(* For every nonempty caterpillar $S\subset\mathbb N$ and every $r\in\mathbb N$, \[ \{D\subset\delta(S): |D|=r\} = \{\delta(Y): Y\subset S,\ |Y|=r+1\}. \]
   Context: For $m\in\mathbb N$ let $d(m)$ be the finite set of integers with $m=\sum_{i\in d(m)}2^i$. For a finite $S\subset\mathbb N$ with $|S|\geq2$, $s(S)=\max\{i:\exists x,y\in S,\ i\in d(x)\setminus d(y)\}$ (the first splitting index); with $S_0=\{x\in S:s(S)\notin d(x)\}$, $S_1=\{x\in S:s(S)\in d(x)\}$, $(S_0,S_1)$ is the split of $S$. Caterpillars: the empty set and singletons are caterpillars; a finite $S$ with $|S|\geq 2$ and split $(S_0,S_1)$ is a caterpillar iff one of $S_0,S_1$ is a singleton and the other a caterpillar (every subset of a caterpillar is a caterpillar). For a caterpillar $S$, $\delta(S)=\{s(\{x,y\}):x,y\in S,\ x\neq y\}$. *)

From mathcomp Require Import all_boot finmap.
Set Implicit Arguments. Unset Strict Implicit. Unset Printing Implicit Defensive.
Local Open Scope fset_scope.

Definition d (m : nat) : {fset nat} :=
  [fset i | i in iota 0 m.+1 & odd (m %/ 2 ^ i)].

(* first splitting index s(S) = max { i : exists x y in S, i \in d x \ d y }
   (meaningful when #|S| >= 2; every such i is <= max S). *)
Definition s (S : {fset nat}) : nat :=
  \max_(i <- iota 0 (\max_(x <- S) x).+1
         | has (fun x => has (fun y => (i \in d x) && (i \notin d y)) S) S) i.

Definition split0 (S : {fset nat}) : {fset nat} := [fset x in S | s S \notin d x].
Definition split1 (S : {fset nat}) : {fset nat} := [fset x in S | s S \in d x].

Inductive caterpillar : {fset nat} -> Prop :=
| cat_small S : #|` S| <= 1 -> caterpillar S
| cat_split S : 2 <= #|` S| ->
    (#|` split0 S| = 1 /\ caterpillar (split1 S)) \/ (#|` split1 S| = 1 /\ caterpillar (split0 S)) ->
    caterpillar S.

Definition delta (S : {fset nat}) : {fset nat} :=
  [fset s [fset x; y] | x in S, y in S & x != y].

From mathcomp Require Import all_boot finmap zify.
Set Implicit Arguments. Unset Strict Implicit.
Local Open Scope fset_scope.

(* Write S = a |` C when a is separated from every element of C by the digit
   s S.  Then (i) for x, y in C the first splitting index of {x, y} is
   strictly below s S, while (ii) s {a, y} = s S for every y in C.  Hence, for
   nonempty Y included in C, delta (a |` Y) = s S |` delta Y, a disjoint union.
   Every nonempty caterpillar arises from a singleton by repeating this
   peeling step (an induction principle on caterpillars), and along it we
   propagate two facts: #|delta Y| = #|Y| - 1 for nonempty Y included in S,
   and every D included in delta S equals delta Y for some Y included in S
   with #|Y| = #|D| + 1.  The theorem is the conjunction of the two. *)

Lemma in_d m i : (i \in d m) = odd (m %/ 2 ^ i).
Proof.
rewrite /d !inE mem_iota /=; case: i => [|i] //=; rewrite add1n ltnS.
case: leqP => //= m_small.
rewrite divn_small // (leq_ltn_trans m_small) //.
exact: ltn_trans (ltnSn i) (ltn_expl _ (isT : 1 < 2)).
Qed.

Lemma in_d_le m i : i \in d m -> i <= m.
Proof.
by rewrite /d !inE mem_iota /=; case: i => //= i; rewrite add1n ltnS => /andP[].
Qed.

Lemma digits_inj n x y : x + y <= n ->
  (forall i, odd (x %/ 2 ^ i) = odd (y %/ 2 ^ i)) -> x = y.
Proof.
elim: n x y => [|n IH] x y; first by case: x; case: y.
move=> xy_le digits.
have halves : x./2 = y./2.
  apply: IH => [|i]; last by rewrite -!divn2 -!divnMA -!expnS digits.
  have := odd_double_half x; have := odd_double_half y; rewrite -!muln2.
  by case: (odd x); case: (odd y) => /= ex ey; lia.
have := digits 0; rewrite expn0 !divn1 => odd_xy.
by rewrite -(odd_double_half x) -(odd_double_half y) halves odd_xy.
Qed.

Lemma d_inj : injective d.
Proof. by move=> x y dxy; apply: (@digits_inj (x + y)) => // i; rewrite -!in_d dxy. Qed.

Lemma digit_diff x y : x != y -> exists i, (i \in d x) != (i \in d y).
Proof.
move=> nxy; have /fset0Pn[i] : (d x `\` d y) `|` (d y `\` d x) != fset0.
  apply: contra nxy => /eqP sym0; apply/eqP; apply: d_inj; apply/fsetP => i.
  move/fsetP/(_ i): sym0; rewrite in_fsetU !in_fsetD inE.
  by case: (i \in d x); case: (i \in d y).
rewrite in_fsetU !in_fsetD => diff; exists i.
by move: diff; case: (i \in d x); case: (i \in d y).
Qed.

Definition splits (T : {fset nat}) (i : nat) : bool :=
  has (fun x => has (fun y => (i \in d x) && (i \notin d y)) T) T.

Lemma splitsP T i :
  reflect (exists x y, [/\ x \in T, y \in T, i \in d x & i \notin d y]) (splits T i).
Proof.
apply: (iffP hasP) => [[x xT /hasP[y yT /andP[xi yi]]]|[x [y [xT yT xi yi]]]].
  by exists x, y.
by exists x => //; apply/hasP; exists y; rewrite ?xi.
Qed.

Lemma splits_sub T T' i : T `<=` T' -> splits T i -> splits T' i.
Proof.
move=> /fsubsetP TT' /splitsP[x [y [xT yT xi yi]]].
by apply/splitsP; exists x, y; split; rewrite ?TT'.
Qed.

Lemma splits_pair x y i : splits [fset x; y] i = ((i \in d x) != (i \in d y)).
Proof.
apply/splitsP/idP => [[u [v []]]|].
  rewrite !in_fsetU !in_fset1 => /orP[]/eqP-> /orP[]/eqP->;
  by case: (i \in d x); case: (i \in d y).
case xi: (i \in d x); case yi: (i \in d y) => // _; [exists x, y | exists y, x];
  by rewrite !in_fsetU !in_fset1 !eqxx xi yi orbT.
Qed.

Lemma splits_range T i : splits T i -> i \in iota 0 (\max_(x <- T) x).+1.
Proof.
case/splitsP=> x [y [xT _ xi _]].
rewrite mem_iota leq0n add0n ltnS (leq_trans (in_d_le xi)) //.
exact: (@leq_bigmax_seq _ _ xpredT (fun j => j) x xT isT).
Qed.

Lemma bigmax_seq_cond (r : seq nat) (Q : pred nat) i :
  i \in r -> Q i -> Q (\max_(j <- r | Q j) j).
Proof.
move=> ir Qi; have : (\max_(j <- r | Q j) j == 0) || Q (\max_(j <- r | Q j) j).
  apply: (big_ind (fun m => (m == 0) || Q m)) => // [m n|j ->]; last exact: orbT.
  by rewrite /maxn; case: ltnP.
case/orP=> // /eqP max0.
by move: (@leq_bigmax_seq _ r Q (fun j => j) i ir Qi); rewrite max0 leqn0 => /eqP <-.
Qed.

Lemma s_max T i : splits T i -> i <= s T.
Proof.
by move=> Ti; apply: (@leq_bigmax_seq _ _ (splits T) (fun j => j)); rewrite ?splits_range.
Qed.

Lemma s_splits T i : splits T i -> splits T (s T).
Proof. by move=> Ti; apply: (bigmax_seq_cond (splits_range Ti)). Qed.

Lemma pair_sub (S : {fset nat}) x y : x \in S -> y \in S -> [fset x; y] `<=` S.
Proof. by move=> xS yS; rewrite fsubUset !fsub1set xS yS. Qed.

Lemma s_pair_eq S x y : x \in S -> y \in S ->
  (s S \in d x) != (s S \in d y) -> s [fset x; y] = s S.
Proof.
move=> xS yS xy_split; have pair_s : splits [fset x; y] (s S) by rewrite splits_pair.
apply/eqP; rewrite eqn_leq (s_max pair_s) andbT.
exact/s_max/(splits_sub (pair_sub xS yS))/(s_splits pair_s).
Qed.

Lemma s_pair_lt S x y : x \in S -> y \in S -> x != y ->
  (s S \in d x) = (s S \in d y) -> s [fset x; y] < s S.
Proof.
move=> xS yS nxy xy_agree.
have [i] := digit_diff nxy; rewrite -splits_pair => /s_splits pair_s.
rewrite ltn_neqAle (s_max (splits_sub (pair_sub xS yS) pair_s)) andbT.
by apply: contraTneq pair_s => ->; rewrite splits_pair xy_agree eqxx.
Qed.

Lemma deltaP z S :
  reflect (exists x y, [/\ x \in S, y \in S, x != y & z = s [fset x; y]]) (z \in delta S).
Proof.
apply: (iffP (imfset2P _ _ _ _ _)) => [[x xS [y /[!inE] /andP[yS nxy] ->]]|].
  by exists x, y.
by case=> x [y [xS yS nxy ->]]; exists x => //; exists y; rewrite // !inE yS.
Qed.

Lemma delta_sub Y S : Y `<=` S -> delta Y `<=` delta S.
Proof.
move=> /fsubsetP YS; apply/fsubsetP => z /deltaP[x [y [xY yY nxy ->]]].
by apply/deltaP; exists x, y; rewrite !YS.
Qed.

Lemma delta1 a : delta [fset a] = fset0.
Proof.
apply/fsetP => z; rewrite inE; apply/deltaP => -[x [y []]].
by rewrite !in_fset1 => /eqP-> /eqP->; rewrite eqxx.
Qed.

Definition delta_card_law (S : {fset nat}) : Prop :=
  forall Y, Y `<=` S -> Y != fset0 -> #|` delta Y| = (#|` Y|).-1.

Definition delta_realizable (S : {fset nat}) : Prop :=
  forall D, D `<=` delta S -> exists Y, [/\ Y `<=` S, #|` Y| = (#|` D|).+1 & D = delta Y].

Section Peel.
(* S = a |` C where the digit s S separates a from every element of C:
   this is how a caterpillar with at least two elements decomposes. *)
Variables (S C : {fset nat}) (a : nat).
Hypothesis S_peel : S = a |` C.
Hypothesis C_sep : forall y, y \in C -> (s S \in d y) != (s S \in d a).

Lemma peel_in : a \in S.
Proof. by rewrite S_peel fset1U1. Qed.

Lemma peel_notin : a \notin C.
Proof. by apply/negP => /C_sep; rewrite eqxx. Qed.

Lemma peel_sub : C `<=` S.
Proof. by rewrite S_peel fsubsetU1. Qed.

Lemma peel_sep y : y \in C -> s [fset a; y] = s S.
Proof.
move=> yC; rewrite (s_pair_eq peel_in (fsubsetP peel_sub _ yC)) //.
by rewrite eq_sym C_sep.
Qed.

Lemma peel_s_notin Y : Y `<=` C -> s S \notin delta Y.
Proof.
move=> /fsubsetP YC; apply/negP => /deltaP[x [y [/YC xC /YC yC nxy xy_s]]].
have agree : (s S \in d x) = (s S \in d y).
  by move: (C_sep xC) (C_sep yC); do 3!case: (_ \in d _).
have := s_pair_lt (fsubsetP peel_sub _ xC) (fsubsetP peel_sub _ yC) nxy agree.
by rewrite -xy_s ltnn.
Qed.

Lemma delta_peel Y : Y `<=` C -> Y != fset0 -> delta (a |` Y) = s S |` delta Y.
Proof.
move=> /fsubsetP YC /fset0Pn[y0 y0Y]; apply/fsetP => z; rewrite in_fset1U.
apply/deltaP/idP => [[x [y [+ + + ->]]]|].
  rewrite !in_fset1U => /orP[/eqP->|xY] /orP[/eqP->|yY]; rewrite ?eqxx // => nxy.
  - by rewrite peel_sep ?eqxx ?YC.
  - by rewrite fsetUC peel_sep ?eqxx ?YC.
  - by apply/orP; right; apply/deltaP; exists x, y.
case/orP=> [/eqP->|z_delta]; first exists a, y0.
  split; rewrite ?in_fset1U ?eqxx ?y0Y ?orbT ?peel_sep ?YC //.
  by apply: contraNneq peel_notin => ->; apply: YC.
have /deltaP[x [y [xY yY nxy ->]]] := z_delta.
by exists x, y; rewrite !in_fset1U xY yY !orbT.
Qed.

Lemma card_delta_peel : delta_card_law C -> delta_card_law S.
Proof.
move=> C_law Y YS Yn; have YaC : Y `\ a `<=` C by rewrite fsubDset -S_peel.
have [aY|aY] := boolP (a \in Y); last by rewrite -(mem_fsetD1 aY) C_law // mem_fsetD1.
rewrite -(fsetD1K aY); have [->|Yan] := eqVneq (Y `\ a) fset0.
  by rewrite fsetU0 delta1 cardfs1.
rewrite delta_peel // !cardfsU1 peel_s_notin // fsetD11 C_law // add1n prednK //.
by rewrite cardfs_gt0.
Qed.

(* Realizability passes from C to S: realize D minus s S inside C, then add a
   exactly when s S belongs to D. *)
Lemma realizable_peel : C != fset0 -> delta_realizable C -> delta_realizable S.
Proof.
move=> Cn C_real D; rewrite {1}S_peel delta_peel ?fsubset_refl // => DS.
have DsC : D `\ s S `<=` delta C by rewrite fsubDset.
have [Y [YC cardY DY]] := C_real _ DsC.
have Yn : Y != fset0 by rewrite -cardfs_gt0 cardY.
have aY : a \notin Y by apply: contra (fsubsetP YC a) peel_notin.
have [sD|sD] := boolP (s S \in D); [exists (a |` Y); split | exists Y; split].
- by rewrite S_peel fsetUS.
- by rewrite cardfsU1 aY cardY (cardfsD1 (s S) D) sD.
- by rewrite delta_peel // -DY fsetD1K.
- exact: fsubset_trans YC peel_sub.
- by rewrite cardY mem_fsetD1.
- by rewrite -DY mem_fsetD1.
Qed.
End Peel.

Lemma in_split0 S x : (x \in split0 S) = (x \in S) && (s S \notin d x).
Proof. by rewrite /split0 !inE. Qed.

Lemma in_split1 S x : (x \in split1 S) = (x \in S) && (s S \in d x).
Proof. by rewrite /split1 !inE. Qed.

Lemma peel_split S C a (b : bool) :
  (forall x, (x \in [fset a]) = (x \in S) && ((s S \in d x) == b)) ->
  (forall x, (x \in C) = (x \in S) && ((s S \in d x) != b)) ->
  S = a |` C /\ (forall y, y \in C -> (s S \in d y) != (s S \in d a)).
Proof.
move=> Sa SC; have /andP[_ /eqP ab] : (a \in S) && ((s S \in d a) == b).
  by rewrite -Sa fset11.
split=> [|y]; last by rewrite SC ab => /andP[].
apply/fsetP => x; rewrite in_fset1U SC -in_fset1 Sa.
by case: (x \in S); case: (_ == b).
Qed.

Lemma caterpillar_peel_ind (Q : {fset nat} -> Prop) :
  (forall a, Q [fset a]) ->
  (forall S C a, S = a |` C ->
     (forall y, y \in C -> (s S \in d y) != (s S \in d a)) ->
     C != fset0 -> Q C -> Q S) ->
  forall S, caterpillar S -> S != fset0 -> Q S.
Proof.
move=> Q1 Qpeel S; have [n] := ubnP #|` S|; elim: n S => // n IH S + cS.
case: cS => [{}S small|{}S big split] ltSn Sn.
  by have /cardfs1P[a ->] : #|` S| == 1 by rewrite eqn_leq small cardfs_gt0.
have peel C a b : caterpillar C ->
    (forall x, (x \in [fset a]) = (x \in S) && ((s S \in d x) == b)) ->
    (forall x, (x \in C) = (x \in S) && ((s S \in d x) != b)) -> Q S.
  move=> Cc Sa SC; have [S_peel C_sep] := peel_split Sa SC.
  have cardS : #|` S| = (#|` C|).+1 by rewrite S_peel cardfsU1 (peel_notin C_sep).
  have Cn : C != fset0 by rewrite -cardfs_gt0 -ltnS -cardS.
  by apply: (Qpeel S C a) => //; apply: IH; rewrite // -ltnS -cardS.
case: split => [[/eqP/cardfs1P[a S0] Cc]|[/eqP/cardfs1P[a S1] Cc]].
  apply: (peel _ a false Cc) => x;
  by rewrite ?in_split1 -?S0 ?in_split0; case: (_ \in d x).
apply: (peel _ a true Cc) => x;
by rewrite ?in_split0 -?S1 ?in_split1; case: (_ \in d x).
Qed.

Lemma caterpillar_delta_card S : caterpillar S -> S != fset0 -> delta_card_law S.
Proof.
apply: caterpillar_peel_ind => [a Y|T C a T_peel C_sep _].
  by rewrite fsubset1 => /orP[]/eqP->; rewrite ?eqxx // delta1 cardfs1 cardfs0.
exact: card_delta_peel T_peel C_sep.
Qed.

Lemma caterpillar_delta_realizable S :
  caterpillar S -> S != fset0 -> delta_realizable S.
Proof.
apply: caterpillar_peel_ind => [a D|T C a T_peel C_sep Cn].
  rewrite delta1 fsubset0 => /eqP->; exists [fset a].
  by rewrite fsubset_refl cardfs1 cardfs0 delta1.
exact: realizable_peel T_peel C_sep Cn.
Qed.

Unset Implicit Arguments.

Theorem mainTheorem6 (S : {fset nat}) (r : nat) :
  caterpillar S -> S != fset0 ->
  forall D : {fset nat},
    (D `<=` delta S /\ #|` D| = r) <->
    (exists Y : {fset nat}, [/\ Y `<=` S, #|` Y| = r.+1 & D = delta Y]).
Proof.
move=> cS Sn D; split => [[DS <-]|[Y [YS cardY ->]]].
  exact: caterpillar_delta_realizable.
split; first exact: delta_sub.
by rewrite (caterpillar_delta_card cS Sn YS) ?cardY // -cardfs_gt0 cardY.
Qed.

========================

**TASK STATEMENT:**
Return only the number of lines in the data above that include the word "halves".

**EXERCISE OUTPUT:**
2